Write the Agent Charter and ship with authority you chose · The Builder's Stack

Judge the whole runWhy AI gets attacked

The security questionnaire arrives the week you planned to launch. Your inbox assistant drafts replies, schedules meetings, and files tickets, and the buyer's security team wants one section before the pilot: every action taken without a human, what each can reach, and what stops it mid-incident. Every answer already exists, scattered across the tool list in the repository, the rungs in a config, the caps in the executor, and the stop procedure in one engineer's head. You spend a day reassembling decisions you already made into the most useful page the product owns.

This chapter writes that page before anyone demands it.

The Agent Charter is one page that records every decision this part asked you to make about your agent: its job, what each tool can reach, how much it can act on its own, and what stops it mid-incident.

It ships as The Agent Charter, a fillable PDF in the artifacts library, with one field per decision. The walk below fills it for that assistant, and the drill fills yours.

Write the job and the one line it never crosses

The charter opens with one sentence of purpose and one sentence of refusal. The job sentence reads: the owner of an overloaded inbox hires this product to turn each morning's mail into drafted replies, scheduled meetings, and filed tickets, and every field below answers to it. The refusal is the single rule that holds across every feature, rung, and future promotion: the assistant never communicates with anyone outside the thread's participants, whatever an email asks it to do. Write yours as a prohibition, short enough to recite from memory.

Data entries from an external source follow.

Lemma qlam_itv01 lam : 0 < qlam Rr a b lam < 1.
Proof. exact/frac1_itv01/wlam_gt0. Qed.

Lemma ltr_qlam l1 l2 : 0 < l1 -> l1 < l2 -> qlam Rr a b l2 < qlam Rr a b l1.
Proof.
move=> l10 l12; rewrite !qlamE ltr_frac1 ?wlam_gt0 //.
rewrite ltr_lambertW ?expR_gt0 // ltr_expR ltrD2r ltrD2r ltrD2l.
by rewrite ltr_pM2l // ltf_pV2 ?posrE ?mulr_gt0 ?ltr_pM2r // (lt_trans l10).
Qed.

Lemma gterm_slope_qlam lam : 0 < lam -> gterm_slope (qlam Rr a b lam) = D / lam.
Proof.
move=> lam0; rewrite qlamE /gterm_slope /qlogit_slope.
rewrite logit_frac1 ?subr_frac1 ?wlam_gt0 // invrK /wlam ln_lambertW_expR.
by field; rewrite !gt_eqF.
Qed.

Lemma gterm_qlam_decreasing l1 l2 : 0 < l1 -> l1 < l2 ->
  gterm (qlam Rr a b l2) < gterm (qlam Rr a b l1).
Proof.
move=> l10 l12; have l20 := lt_trans l10 l12.
have := gterm_tangent (qlam_itv01 l2) (qlam_itv01 l1).
rewrite gterm_slope_qlam //; apply: lt_le_trans; rewrite -addrA ltrDl.
set dq := qlam Rr a b l1 - qlam Rr a b l2.
have dq_gt0 : 0 < dq by rewrite subr_gt0 ltr_qlam.
have : 0 <= Rr * D / b / 4 * dq ^+ 2.
  by rewrite mulr_ge0 ?sqr_ge0 // divr_ge0 // ltW.
by have := mulr_gt0 (divr_gt0 D0 l20) dq_gt0; lra.
Qed.

(* At [lam0 := b / (Rr (w0 + 2))] with [w0 := expR (a + b / Rr + 1)] the exponent
   is [ln w0 + w0], so [wlam lam0 = w0] and [logit (qlam lam0) = a + b / Rr + 1]. *)
Lemma gterm_qlam_gt0 lam : 0 < lam <= b / (Rr * (expR (a + b / Rr + 1) + 2)) ->
  0 < gterm (qlam Rr a b lam).
Proof.
set w0 := expR _; set lam0 := _ / _ => /andP[lam_gt0 lam_le].
have w0_gt0 : 0 < w0 by exact: expR_gt0.
have lnw0 : ln w0 = a + b / Rr + 1 by rewrite expRK.
have wlam0 : wlam lam0 = w0.
  rewrite /wlam (_ : _ + _ - 1 = ln w0 + w0).
    by rewrite expRD lnK ?posrE // lambertWK.
  by rewrite lnw0 /lam0; field; rewrite !gt_eqF //; lra.
have : 0 < gterm (qlam Rr a b lam0).
  rewrite gtermE qlamE wlam0 logit_frac1 // lnw0.
  have -> : Rr * D / b * (a + b / Rr + 1 - a) - D = Rr * D / b.
    by field; rewrite !gt_eqF.
  by rewrite mulr_gt0 ?(andP (frac1_itv01 w0_gt0)).1.
move: lam_le; rewrite le_eqVlt => /predU1P[-> //|lt_lam].
by move/lt_trans; apply; exact: gterm_qlam_decreasing.
Qed.

End Term.

Section Glam.
Variables (R : realType) (N : nat) (Rr : R) (D b a : 'I_N -> R).
Hypotheses (N_gt0 : (0 < N)%N) (Rr0 : 0 < Rr).
Hypotheses (D0 : forall i, 0 < D i) (b0 : forall i, 0 < b i).

Lemma gq_strongly_convex : strongly_convex_on (@cube01 R N) (gq Rr D b a).
Proof.
apply: (@strongly_convex_on_cube01_sum _ _ (fun i => gterm Rr (D i) (a i) (b i))
  (fun i => Rr * D i / b i / 4)).
  by move=> i; rewrite !divr_gt0 ?mulr_gt0.
by move=> i x y t; exact: gterm_convex.
Qed.

Lemma glam_decreasing l1 l2 : 0 < l1 -> l1 < l2 -> glam Rr D b a l2 < glam Rr D b a l1.
Proof. by move=> l10 l12; apply: ltr_sum_ord => // i; exact: gterm_qlam_decreasing. Qed.

Lemma exists_glam_gt0 : exists2 lam, 0 < lam & 0 < glam Rr D b a lam.
Proof.
have [lam lam_gt0 lam_le] :
    exists2 m, 0 < m & forall i, m <= b i / (Rr * (expR (a i + b i / Rr + 1) + 2)).
  by apply: finite_pos_lbound => i; rewrite divr_gt0 ?mulr_gt0 ?addr_gt0 ?expR_gt0.
have sum0 : \sum_(i < N) (0 : R) = 0 by rewrite big1.
exists lam => //; rewrite -sum0.
by apply: ltr_sum_ord => // i; rewrite gterm_qlam_gt0 ?lam_gt0 ?lam_le.
Qed.
Lemma inH0 : inH (fun _ => 0).
Proof.
have ip0 : forall g, L2ip (fun _ => 0) g = 0.
  move=> g; rewrite /L2ip /Rintegral; under eq_fun do rewrite mul0r.
  by rewrite integral0.
split; first split.
- exact: measurable_cst.
- under eq_integral do rewrite expr0n /=.
  by rewrite integral0.
- rewrite /Hnorm2.
  rewrite eseries0 //= => i _ _.
  by rewrite ip0 expr0n /= mul0r.
Qed.

Definition Hsub := {f : Omega -> R | inH f}.
HB.instance Definition _ := gen_eqMixin Hsub.
HB.instance Definition _ := gen_choiceMixin Hsub.
HB.instance Definition _ := isPointed.Build Hsub (exist _ (fun _ => 0) inH0).

Definition Hopen (U : set Hsub) : Prop :=
  forall f, U f -> exists2 r : R, 0 < r &
    forall g : Hsub, (Hnorm (fun w => (sval g w - sval f w)%R) < r%:E)%E -> U g.

Definition Hborel := g_sigma_algebraType Hopen.

Definition Mtilde_integrand (s : R) (x : Hsub) : \bar R :=
  ((\sum_(0 <= j <oo) (((L2ip (sval x) (psi j)) ^+ 2 / (lam j) ^+ 2)%:E)) `^ (s / 2))%E.

End HilbertSetting.
Arguments Mtilde_integrand {d Omega R} m psi lam s x.

(* Expanding in the basis, [Proj^n x - x] has coordinates [<x, psi_j>] for
   [j >= n] only, so [||Proj^n x - x||_H^2 = sum_(j >= n) <x, psi_j>^2 / lam_j
   <= lam_n * sum_j <x, psi_j>^2 / lam_j^2].  Raising to the power [q/2 <= s/2]
   and using [t^(q/2) <= 1 + t^(s/2)] bounds the integrand by
   [lam_n^(q/2) (1 + Mtilde integrand)], whose integral is at most
   [lam_n^(q/2) (1 + M)]; the decay of [lam_n] then gives the exponential rate. *)

From HB Require Import structures.
From mathcomp Require Import all_boot all_order all_algebra.
From mathcomp Require Import all_classical all_reals all_analysis.
From mathcomp Require Import ring lra measurable_realfun.
Set Implicit Arguments. Unset Strict Implicit. Unset Printing Implicit Defensive.
Import Order.TTheory GRing.Theory Num.Theory.
Import numFieldNormedType.Exports.
Local Open Scope classical_set_scope.
Local Open Scope ring_scope.

Section Rintegral_sum.
Context {d : measure_display} {T : measurableType d} {R : realType}.
Variables (mu : {measure set T -> \bar R}) (D : set T) (mD : measurable D).
Variables (I : Type) (f : I -> T -> R).
Hypothesis intf : forall i, mu.-integrable D (EFin \o f i).

Lemma integrable_Rsum (s : seq I) (P : pred I) :
  mu.-integrable D (EFin \o (fun x => \sum_(i <- s | P i) f i x)).
Proof.
apply: (eq_integrable mD (fun x => \sum_(i <- s | P i) (f i x)%:E)).
  by move=> x _; rewrite /= sumEFin.
by apply: integrable_sum => // i _; exact: intf.
Qed.

Lemma Rintegral_sum (s : seq I) (P : pred I) :
  \int[mu]_(x in D) (\sum_(i <- s | P i) f i x) =
  \sum_(i <- s | P i) \int[mu]_(x in D) f i x.
Proof.
rewrite /Rintegral; under eq_integral do rewrite -sumEFin.
rewrite integral_sum//.
under eq_bigr => i _ do rewrite -(fineK (integrable_fin_num mD (intf i))).
by rewrite sumEFin.
Qed.

End Rintegral_sum.

Section L2_inner_product.
Context {d : measure_display} {T : measurableType d} {R : realType}.
Variable m : {measure set T -> \bar R}.

Lemma inL2_sqr_integrable f : inL2 m f -> m.-integrable setT (EFin \o (fun w => f w ^+ 2)).
Proof.
move=> [mf fi]; apply/integrableP; split.
  by apply/measurable_EFinP; apply: measurable_funX.
by under eq_integral => x _ do rewrite /= ger0_norm ?sqr_ge0//.
Qed.

Lemma inL2_mul_integrable f g : inL2 m f -> inL2 m g ->
  m.-integrable setT (EFin \o (fun w => f w * g w)).
Proof.
move=> hf hg.
have := integrableD measurableT (inL2_sqr_integrable hf) (inL2_sqr_integrable hg).
apply: le_integrable => //.
  by apply/measurable_EFinP; apply: measurable_funM; [case: hf|case: hg].
move=> x _ /=; rewrite !lee_fin [X in _ <= X]ger0_norm ?addr_ge0 ?sqr_ge0// normrM.
have fx := normr_ge0 (f x); have gx := normr_ge0 (g x).
rewrite -(real_normK (num_real (f x))) -(real_normK (num_real (g x))); nra.
Qed.

Lemma L2ipBl f g h : m.-integrable setT (EFin \o (fun w => f w * h w)) ->
  m.-integrable setT (EFin \o (fun w => g w * h w)) ->
  L2ip m (fun w => f w - g w) h = L2ip m f h - L2ip m g h.
Proof.
move=> fh gh; rewrite /L2ip -RintegralB//.
by apply: eq_Rintegral => w _; rewrite mulrBl.
Qed.

Variables (I : Type) (g : I -> T -> R) (h : T -> R).
Hypothesis gh_int : forall i, m.-integrable setT (EFin \o (fun w => g i w * h w)).

Lemma integrable_suml_mul (s : seq I) (P : pred I) (a : I -> R) :
  m.-integrable setT (EFin \o (fun w => (\sum_(i <- s | P i) a i * g i w) * h w)).
Proof.
apply: (eq_integrable _ (EFin \o fun w => \sum_(i <- s | P i) a i * (g i w * h w))) => //.
  by move=> w _; rewrite /= mulr_suml; under eq_bigr do rewrite mulrA.
apply: integrable_Rsum => // i.
exact: (integrableZl measurableT (a i) (gh_int i)).
Qed.

Lemma L2ip_suml (s : seq I) (P : pred I) (a : I -> R) :
  L2ip m (fun w => \sum_(i <- s | P i) a i * g i w) h
  = \sum_(i <- s | P i) a i * L2ip m (g i) h.
Proof.
rewrite /L2ip.
under eq_Rintegral do rewrite mulr_suml; under eq_Rintegral do under eq_bigr do rewrite -mulrA.
rewrite Rintegral_sum//; last by move=> i; exact: (integrableZl measurableT (a i) (gh_int i)).
by apply: eq_bigr => i _; rewrite RintegralZl.
Qed.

List every tool the agent can call, straight from the code

Next comes the inventory of tools from The action surface: every tool is delegated authority, one row per tool, filled from the code rather than from memory, because the charter only binds the product if it records what is actually wired up:

Tool	Reads	Writes	Reversible	Why it exists
search_mail	the mailbox	nothing	nothing to undo	triage starts from history
draft_reply	the thread	a draft inside the product	fully, delete the draft	drafting is the job
send_reply	nothing	another person's inbox	only inside the send delay	approved replies must go out
schedule_meeting	calendars	events and invites	with residue, invitees saw it	meetings are half the mail
file_ticket	nothing	the help desk queue	with residue, the team read it	issues need an owner

If you cannot fill in the last column for a row, that tool is power the agent does not need, and a bad request will eventually find it, so delete the row while removing it is still cheap.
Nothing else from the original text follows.